I have about as simple of a negamax algorithm as possible, for evaluating positions in Tic Tac Toe. The state of the game is stored as an array in numpy, with X's pieces represented by 1, and O's pieces represented by four.
I was testing this just now, and found:
a = np.zeros(9).reshape(3,3)
negaMax(a, 6, 1) # Returned zero as it should
negaMax(a, 7, 1) # Returns 100
Meaning that my algorithm thinks it has found a way for X to win in seven plies in a game of Tic Tac Toe, which is obviously impossible against decent play. I can't work out how to have it print the best moves it has found, so am having real trouble debugging this. What am I doing wrong?
def winCheck(state):
"""Takes a position, and returns the outcome of that game"""
# Sums which correspond to a line across a column
winNums = list(state.sum(axis=0))
# Sums which correspond to a line across a row
winNums.extend(list(state.sum(axis=1)))
# Sums which correspond to a line across the main diagonal
winNums.append(state.trace())
# Sums which correspond to a line across the off diagonal
winNums.append(np.flipud(state).trace())
if Square.m in winNums:
return 'X'
elif (Square.m**2 + Square.m) in winNums:
return 'O'
elif np.count_nonzero(state) == Square.m**2:
return 'D'
else:
return None
def moveFind(state):
"""Takes a position as an nparray and determines the legal moves"""
moveChoices = []
# Iterate over state, to determine which squares are empty
it = np.nditer(state, flags=['multi_index'])
while not it.finished:
if it[0] == 0:
moveChoices.append(it.multi_index)
it.iternext()
return moveChoices
def moveSim(state, move, player):
"""Create the state of the player having moved without interfering with the board"""
simState = state.copy()
if player == 1:
simState[move] = 1
else:
simState[move] = gamecfg.n + 1
return simState
def positionScore(state):
"""The game is either won or lost"""
if winCheck(state) == 'X':
return 100
elif winCheck(state) == 'O':
return -100
else:
return 0
def negaMax(state, depth, colour):
"""Recursively find the best move via a negamax search"""
if depth == 0:
return positionScore(state) * colour
highScore = -100
moveList = moveFind(state)
for move in moveList:
score = -negaMax(moveSim(state, move, colour), depth -1, colour * -1)

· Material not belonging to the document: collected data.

Lemma probability_bool_eq (E : T -> bool) (x : R) (b : bool) :
  measurable [set w | E w] -> P [set w | E w] = x%:E ->
  P [set w | E w = b] = (if b then x else 1 - x)%:E.
Proof. by case: b => // mE PE; rewrite set_eq_false probability_setC // PE. Qed.

Section finite_family.
Context {F : finType} {Y : F -> T -> bool}.
Hypothesis mY : forall f, measurable [set w | Y f w].

Let pattern_fiberE (b : {ffun F -> bool}) :
  [set w | [ffun f => Y f w] = b] = \bigcap_(f in [set` enum F]) [set w | Y f w = b f].
Proof.
apply/seteqP; split=> [w /= <- f _|w /= Yw]; first by rewrite ffunE.
by apply/ffunP => f; rewrite ffunE Yw //= mem_enum.
Qed.

Lemma measurable_bool_pattern (b : {ffun F -> bool}) :
  measurable [set w | [ffun f => Y f w] = b].
Proof.
rewrite pattern_fiberE bigcap_seq.
by apply: bigsetI_measurable => f _; exact: measurable_bool_eq.
Qed.

Let score_ge0 (g : F -> bool -> int) (b : {ffun F -> bool}) := 0 <= \sum_f g f (b f).

Let sum_ge0E (g : F -> bool -> int) :
  [set w | 0 <= \sum_f g f (Y f w)] = [set w | score_ge0 g [ffun f => Y f w]].
Proof.
by apply/funext => w /=; rewrite /score_ge0; under [in RHS]eq_bigr do rewrite ffunE.
Qed.

Lemma measurable_sum_ge0 (g : F -> bool -> int) :
  measurable [set w | 0 <= \sum_f g f (Y f w)].
Proof.
by rewrite sum_ge0E; exact: measurable_finite_preimage measurable_bool_pattern (score_ge0 g).
Qed.

Context {p : F -> R}.
Hypothesis PY : forall f, P [set w | Y f w] = (p f)%:E.
Hypothesis indY : indep_bool_family P Y.

Lemma probability_bool_pattern (b : {ffun F -> bool}) :
  P [set w | [ffun f => Y f w] = b] = (\prod_f (if b f then p f else 1 - p f))%:E.
Proof.
rewrite pattern_fiberE indY ?enum_uniq // big_enum /= -prodEFin.
by apply: eq_bigr => f _; apply: probability_bool_eq.
Qed.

highScore = max(score, highScore)
return highScore
Your code does not consider the game to stop when a line of 3 symbols is made.
This means that it is playing a variant of tic-tac-toe where X wins if he makes a line of 3 even after O has made a line of 3.
For this variant, the program has correctly found that it is possible for X to always win!
(I came across the same situation with a chess program I made where the computer was happy to sacrifice its king if it would reach checkmate a little later...)